Робин еще болен. Я здорово его отделал, хотя все-таки проиграл. Он тоже заходил ко мне, с рукой на перевязи, бледный от сотрясения мозга. Мы долго разговаривали, даже выпили вместе — хотя лекарь Гермунд нам обоим и запретил. Они наконец-то примирились с братом — через двадцать пять лет.
Оказывается, барон Хогарт Черного Орла в молодости был очень… как бы сказать поприличней… женолюбив. Но как человек благородный, барон своих бастардов не имел обыкновения выкидывать на улицу, а напротив, держал при себе и намеревался им что-нибудь оставить в наследство. Была у него еще дочка, от какой-то пастушки; барон ее хорошо выдал замуж, правда, за языческого барона, за горы. А Робинова матушка была прачка. Робин — самый старший ребенок сэра Хогарта, поэтому Роланд всегда опасался такого брата. И постарался как можно скорее убрать его с дороги. Он как раз тогда начал заниматься всяческой магией, а дома на вакациях испытывал свои силы. Очень простое заклятие и немного зелья, называется — отворот. Если здесь не замешана какая-нибудь вечная любовь, человек почувствует такое отвращение и ненависть к кому угодно, что погонит за порог, будь это хоть законный сын. Не то что бастард. Еще помогает, если у подопытного характер тяжелый; а барон Хогарт своей склочностью на всю округу был знаменит. Отворот, оказывается, куда легче и быстрее действует, чем приворот. Это очень грустно — хотя, на самом деле, оба они зря. Вот тебе и «Сгораю в любви».
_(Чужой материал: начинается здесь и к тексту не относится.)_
(* For every $d\ge2$ and every unitary $U\in\mathcal{U}(d)$, $H_2(U)<1-\frac{2}{d^2+1}$; that is, the upper bound $H_2(U)\le 1-\frac{2}{d^2+1}$ obtained from the maximal stabilizer entropy of the Choi state is not attained by any unitary.
   Context: Let $d=d_L^n$ with $d_L\ge2$, $n\ge1$. On $\mathbb{C}^{d_L}$ let $Z|k\rangle=\omega^k|k\rangle$, $X|k\rangle=|k+1\rangle$ (mod $d_L$), $\omega=e^{2\pi i/d_L}$, $\tau=-e^{i\pi/d_L}$, $D_{(a_1,a_2)}=\tau^{a_1a_2}X^{a_1}Z^{a_2}$, and for $\mathbf a=\mathbf a_1\oplus\cdots\oplus\mathbf a_n\in\mathbb{Z}_{d_L}^{2n}$ let $D_{\mathbf a}=D_{\mathbf a_1}\otimes\cdots\otimes D_{\mathbf a_n}$ acting on $\mathbb{C}^d$. The 2-Clifford entropy of a unitary $U$ on $\mathbb{C}^d$ is $H_2(U)=1-\frac{1}{d^6}\sum_{\mathbf a,\mathbf b}\big|\operatorname{tr}(D_{\mathbf a}^\dagger UD_{\mathbf b}U^\dagger)\big|^4$. *)

From HB Require Import structures.
From mathcomp Require Import all_boot all_order all_algebra spectral.
From mathcomp Require Import complex.
From mathcomp Require Import reals trigo.
Set Implicit Arguments. Unset Strict Implicit. Unset Printing Implicit Defensive.
Import Order.TTheory GRing.Theory Num.Theory.
Local Open Scope ring_scope.
Local Open Scope complex_scope.
Local Open Scope sesquilinear_scope.

Section Weyl.
Variable R : realType.
Variable dL : nat.

Definition omega : R[i] :=
  cos (2%:R * pi / dL%:R) +i* sin (2%:R * pi / dL%:R).
Definition tau : R[i] := - (cos (pi / dL%:R) +i* sin (pi / dL%:R)).

Definition Zq : 'M[R[i]]_dL := \matrix_(r, c) ((r == c)%:R * omega ^+ c).
Definition Xq : 'M[R[i]]_dL := \matrix_(r, c) ((r : nat) == ((c : nat) + 1) %% dL)%N%:R.

Definition Dq (a : 'I_dL * 'I_dL) : 'M[R[i]]_dL :=
  tau ^+ ((a.1 : nat) * (a.2 : nat))%N *: (Xq ^+ (a.1 : nat) *m Zq ^+ (a.2 : nat)).

Variable n : nat.

(* computational basis of (C^{dL})^{\otimes n}: labels k = (k_1,..,k_n) *)
Definition qbasis := {ffun 'I_n -> 'I_dL}.
Definition wlabel := {ffun 'I_n -> 'I_dL * 'I_dL}.

(* D_a = D_{a_1} (x) ... (x) D_{a_n}, written entrywise in the product basis *)
Definition Dw (a : wlabel) : 'M[R[i]]_(#|qbasis|) :=
  \matrix_(r, c) \prod_(j < n)
     Dq (a j) ((enum_val r : qbasis) j) ((enum_val c : qbasis) j).

Definition qdim : nat := (dL ^ n)%N.

Definition H2 (U : 'M[R[i]]_(#|qbasis|)) : R[i] :=
  1 - (qdim%:R ^+ 6)^-1 *
      \sum_(a : wlabel) \sum_(b : wlabel)
         `|\tr ((Dw a)^t* *m U *m Dw b *m U^t*)| ^+ 4.

End Weyl.

From HB Require Import structures.
From mathcomp Require Import all_boot all_order all_algebra spectral.
From mathcomp Require Import complex.
From mathcomp Require Import reals trigo.
From mathcomp Require Import ring lra.
Set Implicit Arguments. Unset Strict Implicit. Unset Printing Implicit Defensive.
Import Order.TTheory GRing.Theory Num.Theory.
Local Open Scope ring_scope.
Local Open Scope complex_scope.
Local Open Scope sesquilinear_scope.

(* Write t(a, b) = tr(D_a^* U D_b U^* ) and D = d_L^n.  The Weyl operators
   satisfy the completeness relation sum_a conj(D_a)_(r,c) (D_a)_(r',c') =
   D [r = r'] [c = c'], so by Parseval sum_a |t(a, b)|^2 = D |U D_b U^*|_2^2 =
   D |D_b|_2^2, and summing over b gives sum_(a,b) |t(a, b)|^2 = D^4.  The
   column b = 0 is concentrated: t(0, 0) = D, which alone contributes D^4 to
   sum |t|^4, while its squares sum to D^2.  On the remaining D^2 - 1 columns
   y^2 >= 2y - 1 applied to y = |t|^2 yields at least
   2 (D^4 - D^2) - (D^2 - 1) D^2 = D^4 - D^2.  Hence sum |t|^4 >= 2 D^4 - D^2,
   i.e. H_2(U) <= 1 - (2 D^2 - 1) / D^4, and this is strictly less than
   1 - 2 / (D^2 + 1) because D > 1. *)

Lemma sum_delta (R : pzSemiRingType) (T : finType) (j : T) (F : T -> R) :
  \sum_i (i == j)%:R * F i = F j.
Proof.
rewrite (bigD1 j) //= eqxx mul1r big1 ?addr0 // => i /negbTE ->.
by rewrite mul0r.
Qed.

Lemma sum_expr_unity_root (F : idomainType) m (z : F) :
  z ^+ m = 1 -> \sum_(i < m) z ^+ i = (z == 1)%:R * m%:R.
Proof.
move=> zm1; have [->|z_neq1] := eqVneq z 1.
  by rewrite mul1r (eq_bigr (fun=> 1)) => [|i _]; rewrite ?sumr_const ?card_ord ?expr1n.
have /eqP := subrX1 z m; rewrite zm1 subrr eq_sym mulf_eq0 subr_eq0.
by rewrite (negbTE z_neq1) mul0r => /eqP.
Qed.

Lemma sum_sqr_ge (R : numDomainType) (I : finType) (y : I -> R) :
  (forall i, y i \is Num.real) ->
  2%:R * \sum_i y i - #|I|%:R <= \sum_i y i ^+ 2.
Proof.
move=> y_real; rewrite mulr_sumr -sumr_const -sumrB; apply: ler_sum => i _.
rewrite -subr_ge0 (_ : _ - _ = (y i - 1) ^+ 2); last by ring.
by rewrite real_exprn_even_ge0 // rpredB ?real1.
Qed.

Lemma prod_natr_eq (S : comPzSemiRingType) (I : finType) (T : eqType)
    (f g : {ffun I -> T}) :
  \prod_i (f i == g i)%:R = (f == g)%:R :> S.
Proof.
have [<-|f_neq_g] := eqVneq f g; first by rewrite big1 // => i _; rewrite eqxx.
have /existsP [i fgi] : [exists i, f i != g i].
  apply: contraR f_neq_g => /existsPn fg; apply/eqP/ffunP => i.
  by apply/eqP; rewrite -[_ == _]negbK fg.
by rewrite (bigD1 i) //= (negbTE fgi) mul0r.
Qed.

Lemma conjM_expr (C : numClosedFieldType) (z : C) :
  z^* * z = 1 -> forall m, (z ^+ m)^* * z ^+ m = 1.
Proof. by move=> zz1 m; rewrite rmorphXn -exprMn zz1 expr1n. Qed.

Lemma clifford_bound_lt (F : numFieldType) (D : F) : 1 < D ->
  2%:R / (D ^+ 2 + 1) < (D ^+ 6)^-1 * (2%:R * D ^+ 4 - D ^+ 2).
Proof.
move=> D_gt1; have D_gt0 : 0 < D := lt_trans ltr01 D_gt1.
have D2_gt0 : 0 < D ^+ 2 + 1 by rewrite addr_gt0 ?exprn_gt0.
rewrite -subr_gt0 (_ : _ - _ = (D ^+ 2 - 1) / (D ^+ 4 * (D ^+ 2 + 1))).
  by rewrite divr_gt0 ?mulr_gt0 ?exprn_gt0 // subr_gt0 exprn_egt1.
by field; rewrite !gt_eqF.
Qed.

Section HilbertSchmidt.
Variable C : numClosedFieldType.

Lemma parseval (A P : finType) (f : A -> P -> C) (m : P -> C) (K : C) :
  (forall p q, \sum_a (f a p)^* * f a q = K * (p == q)%:R) ->
  \sum_a `|\sum_p (f a p)^* * m p| ^+ 2 = K * \sum_p `|m p| ^+ 2.
Proof.
move=> f_orth.
have cross p q : \sum_a (f a p)^* * m p * ((f a q)^* * m q)^*
    = (q == p)%:R * (K * (m p * (m q)^*)).
  transitivity (m p * (m q)^* * \sum_a (f a p)^* * f a q).
    by rewrite mulr_sumr; apply: eq_bigr => a _; rewrite rmorphM /= conjCK; ring.
  by rewrite f_orth eq_sym; ring.
under eq_bigr do rewrite normCK rmorph_sum mulr_suml.
under eq_bigr do under eq_bigr do rewrite mulr_sumr.
rewrite exchange_big; under eq_bigr do rewrite exchange_big.
under eq_bigr => p _ do under eq_bigr => q _ do rewrite /= cross.
rewrite mulr_sumr; apply: eq_bigr => p _.
by rewrite sum_delta normCK.
Qed.

Lemma mxtrace_adj_mul m n (A M : 'M[C]_(m, n)) :
  \tr (A^t* *m M) = \sum_(p : 'I_m * 'I_n) (A p.1 p.2)^* * M p.1 p.2.
Proof.
rewrite /mxtrace; under eq_bigr do rewrite mxE.
rewrite exchange_big pair_bigA /=; apply: eq_bigr => p _.
by rewrite !mxE.
Qed.

Lemma mxtrace_mul_adj m n (M : 'M[C]_(m, n)) :
  \tr (M *m M^t*) = \sum_(p : 'I_m * 'I_n) `|M p.1 p.2| ^+ 2.
Proof.
rewrite /mxtrace; under eq_bigr do rewrite mxE.
rewrite pair_bigA /=; apply: eq_bigr => p _.
by rewrite !mxE normCK.
Qed.

Lemma mxtrace_unitary_conj n (U A : 'M[C]_n) : U \is unitarymx ->
  \tr ((U *m A *m U^t*) *m (U *m A *m U^t*)^t*) = \tr (A *m A^t*).
Proof.
move=> U_unitary.
rewrite trmx_mul map_mxM trmx_mul map_mxM trmxCK !mulmxA mulmxKtV //.
by rewrite -mulmxA mxtrace_mulC !mulmxA mulmxKtV // mxtrace_mulC.
Qed.
End HilbertSchmidt.

Section Cis.
Variable R : realType.

Lemma conj_cisM (t : R) : (cos t +i* sin t)^* * (cos t +i* sin t) = 1.
Proof. by simpc; rewrite -!expr2 cos2Dsin2; congr (_ +i* _); ring. Qed.

Lemma cisX (t : R) m : (cos t +i* sin t) ^+ m = cos (m%:R * t) +i* sin (m%:R * t).
Proof.
elim: m => [|m IHm]; first by rewrite expr0 mul0r cos0 sin0.
rewrite exprS IHm -natr1 mulrDl mul1r cosD sinD; simpc.
by congr (_ +i* _); ring.
Qed.

End Cis.

Section WeylQudit.
Variables (R : realType) (k : nat).
(* Writing d_L = k.+2 makes 'I_dL the ring Z/d_L, so the shift X acts by c |-> c + 1. *)
Local Notation dL := k.+2.
Local Notation omega := (omega R dL).
Local Notation tau := (tau R dL).

Lemma omega_prim : dL.-primitive_root omega.
Proof.
have dL_gt0 : (0 : R) < dL%:R by rewrite ltr0n.
apply/andP; split=> //; apply/forallP => -[m /= m_lt]; rewrite unity_rootE cisX.
have [->|m_neq] := eqVneq m.+1 dL.
  rewrite (_ : dL%:R * _ = pi *+ 2) ?cos2pi ?sin2pi ?eqxx //.
  by rewrite mulrC divfK ?gt_eqF // mulr_natl.
rewrite eqbF_neg; apply/negP => /eqP [].
pose x : R := m.+1%:R * pi / dL%:R.
have -> : m.+1%:R * (2%:R * pi / dL%:R) = x *+ 2.
  by rewrite /x -mulr_natr; field; rewrite -natrD pnatr_eq0.
rewrite cos_mulr2n => cos2x.
have x_in : 0 < x < pi.
  rewrite /x divr_gt0 ?mulr_gt0 ?pi_gt0 ?ltr0n //= ltr_pdivrMr //.
  rewrite mulrC ltr_pM2l ?pi_gt0 // ltr_nat ltn_neqAle m_neq.
  exact: m_lt.
have := sin_gt0_pi x_in; have := sin2cos2 x.
rewrite -mulr_natr in cos2x.
have -> : cos x ^+ 2 = 1 by lra.
by rewrite subrr => /eqP; rewrite expf_eq0 /= => /eqP ->; rewrite ltxx.
Qed.

Lemma conj_omegaM : omega^* * omega = 1.
Proof. exact: conj_cisM. Qed.

Lemma conj_tauM : tau^* * tau = 1.
Proof. by rewrite /tau rmorphN mulrNN conj_cisM. Qed.

Lemma sum_conj_omegaX (c c' : 'I_dL) :
  \sum_(i < dL) ((omega ^+ c)^* * omega ^+ c') ^+ i = (c == c')%:R * dL%:R.
Proof.
have omegaXK := conjM_expr conj_omegaM.
rewrite sum_expr_unity_root; last first.
  rewrite exprMn -rmorphXn -!exprM mulnC [(c' * _)%N]mulnC !exprM.
  by rewrite !(prim_expr_order omega_prim) !expr1n rmorph1 mulr1.
congr ((nat_of_bool _)%:R * _).
apply/idP/idP => [/eqP z1|/eqP <-]; last exact/eqP/omegaXK.
rewrite -val_eqE /= -(modn_small (ltn_ord c)) -(modn_small (ltn_ord c')).
rewrite -(eq_prim_root_expr omega_prim); apply/eqP.
by rewrite -[LHS]mulr1 -z1 mulrA (mulrC (omega ^+ c)) omegaXK mul1r.
Qed.

Lemma XqE (r c : 'I_dL) : Xq R dL r c = (r == c + 1)%:R.
Proof. by rewrite mxE -val_eqE /= modnDmr. Qed.

Lemma XqX m (r c : 'I_dL) : (Xq R dL ^+ m) r c = (r == c + m%:R)%:R.
Proof.
elim: m r c => [|m IHm] r c; first by rewrite expr0 mxE addr0.
rewrite exprS mxE; under eq_bigr do rewrite IHm mulrC.
by rewrite sum_delta XqE -addrA natr1.
Qed.

Lemma ZqX m (r c : 'I_dL) :
  (Zq R dL ^+ m) r c = (r == c)%:R * omega ^+ (c * m).
Proof.
elim: m r c => [|m IHm] r c; first by rewrite expr0 muln0 mulr1 !mxE.
rewrite exprS mxE; under eq_bigr do rewrite IHm mxE mulrC -mulrA.
by rewrite sum_delta mulnS exprD; ring.
Qed.

Lemma DqE (a : 'I_dL * 'I_dL) (r c : 'I_dL) :
  Dq R a r c = tau ^+ (a.1 * a.2) * ((r == c + a.1)%:R * omega ^+ (c * a.2)).
Proof.
rewrite !mxE; congr (_ * _); under eq_bigr do rewrite XqX ZqX mulrCA.
by rewrite sum_delta natr_Zp.
Qed.

Lemma Dq_complete (r c r' c' : 'I_dL) :
  \sum_(x : 'I_dL * 'I_dL) (Dq R x r c)^* * Dq R x r' c'
    = dL%:R * ((r == r') && (c == c'))%:R.
Proof.
have split_phase a1 a2 : (Dq R (a1, a2) r c)^* * Dq R (a1, a2) r' c'
    = ((r == c + a1)%:R * (r' == c' + a1)%:R)
      * ((omega ^+ c)^* * omega ^+ c') ^+ a2.
  rewrite !DqE /= !rmorphM /= !rmorph_nat mulrACA (conjM_expr conj_tauM) mul1r.
  by rewrite mulrACA exprMn !rmorphXn -!exprM.
pose F a1 a2 := (Dq R (a1, a2) r c)^* * Dq R (a1, a2) r' c'.
rewrite (eq_bigr (fun x => F x.1 x.2)); last by case.
rewrite -pair_bigA /= /F.
under eq_bigr do under eq_bigr do rewrite split_phase.
under eq_bigr do rewrite -mulr_sumr sum_conj_omegaX.
have [<-|c_neq] := eqVneq c c'; last first.
  by rewrite andbF mulr0 big1 // => a _; rewrite mul0r mulr0.
rewrite andbT mul1r -mulr_suml mulrC; congr (_ * _).
under eq_bigr => a _ do rewrite (addrC c) -subr_eq eq_sym.
by rewrite sum_delta subrK eq_sym.
Qed.

End WeylQudit.

Section WeylTensor.
Variables (R : realType) (k n : nat).
Local Notation dL := k.+2.
Local Notation d := #|qbasis dL n|.
Local Notation D := ((dL ^ n)%:R : R[i]).

Lemma card_qbasis : d = (dL ^ n)%N.
Proof. by rewrite card_ffun !card_ord. Qed.

Lemma card_wlabel : #|wlabel dL n| = ((dL ^ n) ^ 2)%N.
Proof. by rewrite card_ffun card_prod !card_ord expnMn mulnn. Qed.

Lemma Dw_complete (r c r' c' : 'I_d) :
  \sum_(a : wlabel dL n) (Dw R a r c)^* * Dw R a r' c'
    = D * ((r == r') && (c == c'))%:R.
Proof.
under eq_bigr do rewrite !mxE rmorph_prod -big_split /=.
pose F j (x : 'I_dL * 'I_dL) :=
  (Dq R x (enum_val r j) (enum_val c j))^* * Dq R x (enum_val r' j) (enum_val c' j).
rewrite -(bigA_distr_bigA F) /F; under eq_bigr do rewrite Dq_complete.
rewrite big_split /= prodr_const card_ord natrX; congr (_ * _).
under eq_bigr do rewrite -mulnb natrM.
by rewrite big_split /= !prod_natr_eq !(inj_eq enum_val_inj) -natrM mulnb.
Qed.

Lemma Dw0 : Dw R (0 : wlabel dL n) = 1%:M.
Proof.
apply/matrixP => r c; rewrite !mxE.
under eq_bigr do rewrite ffunE DqE /= !muln0 !expr0 mul1r mulr1 addr0.
by rewrite prod_natr_eq (inj_eq enum_val_inj).
Qed.

Lemma weyl_parseval (M : 'M[R[i]]_d) :
  \sum_(a : wlabel dL n) `|\tr ((Dw R a)^t* *m M)| ^+ 2 = D * \tr (M *m M^t*).
Proof.
under eq_bigr do rewrite mxtrace_adj_mul.
rewrite mxtrace_mul_adj.
apply: (@parseval _ _ _ (fun a p => Dw R a p.1 p.2) (fun p => M p.1 p.2)).
by move=> [r c] [r' c'] /=; rewrite Dw_complete.
Qed.

Lemma sum_Dw_norm : \sum_(b : wlabel dL n) \tr (Dw R b *m (Dw R b)^t*) = D ^+ 3.
Proof.
under eq_bigr do rewrite mxtrace_mul_adj.
rewrite exchange_big /=.
under eq_bigr do (under eq_bigr do rewrite normCK mulrC; rewrite Dw_complete !eqxx mulr1).
by rewrite sumr_const card_prod !card_ord card_qbasis -[_ *+ _]mulr_natr natrM; ring.
Qed.

End WeylTensor.

Section CliffordSum.
Variables (R : realType) (k n : nat).
Local Notation dL := k.+2.
Local Notation W := (wlabel dL n).
Local Notation D := ((dL ^ n)%:R : R[i]).
Variable U : 'M[R[i]]_#|qbasis dL n|.
Hypothesis U_unitary : U \is unitarymx.
Local Notation cliff a b := (\tr ((Dw R a)^t* *m U *m Dw R b *m U^t*)).

Lemma cliff_col_sum (b : W) :
  \sum_a `|cliff a b| ^+ 2 = D * \tr (Dw R b *m (Dw R b)^t*).
Proof.
under eq_bigr do rewrite -!mulmxA (mulmxA U).
by rewrite weyl_parseval mxtrace_unitary_conj.
Qed.

Lemma cliff_col0_sum : \sum_a `|cliff a (0 : W)| ^+ 2 = D ^+ 2.
Proof. by rewrite cliff_col_sum Dw0 trmx1 map_mx1 mulmx1 mxtrace1 card_qbasis. Qed.

Lemma cliff_sum : \sum_(b : W) \sum_a `|cliff a b| ^+ 2 = D ^+ 4.
Proof.
under eq_bigr do rewrite cliff_col_sum.
by rewrite -mulr_sumr sum_Dw_norm -exprS.
Qed.

Lemma cliff00 : cliff (0 : W) 0 = D.
Proof.
by rewrite Dw0 trmx1 map_mx1 mul1mx mulmx1 (unitarymxP U_unitary) mxtrace1 card_qbasis.
Qed.

Lemma cliff_sum4_ge : 2%:R * D ^+ 4 - D ^+ 2 <= \sum_a \sum_b `|cliff a b| ^+ 4.
Proof.
pose x a b := `|cliff a b| ^+ 2.
pose g b := 2%:R * \sum_a x a b - D ^+ 2.
have x_real a b : x a b \is Num.real by rewrite rpredX ?normr_real.
have col0_ge : D ^+ 4 <= \sum_a x a 0 ^+ 2.
  have -> : D ^+ 4 = x 0 0 ^+ 2 by rewrite /x cliff00 normr_nat -!exprM.
  rewrite (bigD1 (0 : W)) // lerDl.
  by apply: sumr_ge0 => a _; rewrite exprn_ge0 ?exprn_ge0.
have cols_ge : \sum_(b : W | b != 0) g b <= \sum_(b : W | b != 0) \sum_a x a b ^+ 2.
  apply: ler_sum => b _; rewrite /g -(natrX _ (dL ^ n) 2) -card_wlabel.
  exact: (@sum_sqr_ge _ _ (x^~ b) (x_real^~ b)).
have sum_g : \sum_(b : W | b != 0) g b = D ^+ 4 - D ^+ 2.
  rewrite (_ : D ^+ 4 - _ = \sum_b g b - g 0).
    by rewrite [X in X - _](bigD1 (0 : W)) // addrAC subrr add0r.
  rewrite sumrB -mulr_sumr cliff_sum sumr_const card_wlabel /g cliff_col0_sum.
  by rewrite -(mulr_natr (D ^+ 2)) (natrX _ (dL ^ n) 2); ring.
have -> : \sum_a \sum_b `|cliff a b| ^+ 4 = \sum_b \sum_a x a b ^+ 2.
  by rewrite exchange_big; apply: eq_bigr => b _; apply: eq_bigr => a _; rewrite -exprM.
rewrite (bigD1 (0 : W)) //; apply: le_trans (lerD col0_ge cols_ge).
by rewrite sum_g addrA -mulr2n mulr_natl lexx.
Qed.

End CliffordSum.

Theorem theorem5 (R : realType) (dL n : nat) (hdL : (2 <= dL)%N) (hn : (1 <= n)%N)
  (U : 'M[R[i]]_(#|qbasis dL n|)) (hU : U \is unitarymx) :
  H2 U < 1 - 2%:R / ((qdim dL n)%:R ^+ 2 + 1).
Proof.
case: dL hdL U hU => [|[|k]] // _ U hU.
have D_gt1 : 1 < ((k.+2 ^ n)%:R : R[i]) by rewrite ltr1n -(exp1n n) ltn_exp2r.
rewrite /H2 /qdim ltrD2l ltrN2.
apply: lt_le_trans (clifford_bound_lt D_gt1) _.
by rewrite ler_wpM2l ?invr_ge0 ?exprn_ge0 ?ler0n ?cliff_sum4_ge.
Qed.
Кончаю писать. Вроде бы все рассказано. Вот, снова пришел брат. Хорошо, что он станет бароном, у него это получится лучше, чем у меня. Он хотел писать под мою диктовку — а я уже все закончил, ведь правда, недурная работа для трех дней?
Голова болит ужасно. Букв почти не вижу. Да принесут мои записи кому-нибудь хоть что-нибудь доброе, завершить их за три дня было нелегко.
Ведь верно, не надо бояться боли? И унижения тоже. Кто же нас может унизить, если Господа и вовсе распяли.
Надо так жить, чтобы ничего не бояться. Ни боли, ни смерти, ни одиночества. А я только перед смертью научился, дурак.
На этом конец моей книги, аминь.
Нет, еще немного. Это очень важно.
Только что ко мне заходил Роланд. Весь в черном — я сперва думал, в трауре по мне. Потом разглядел.
Плакал, прямо на мои записи. Я тоже. Поцеловал меня. Он принял постриг в Святом Мартине, уже принес первые обеты. Теперь он — брат Осанна. Уходит в строжайший затвор. Свое поместье отдает Робину, как старшему брату; тот по праву — барон Черного Орла. А его разбойники станут, должно быть, его вилланами — правда, долго ему придется расплачиваться с пограбленными соседями… В общем, все хорошо. Я попросил Роланда молиться обо мне, и знаю, что он это сделает. Потом попросил уйти — хочу остаться один, когда это случится. Оно случится вот-вот. Уже начинается.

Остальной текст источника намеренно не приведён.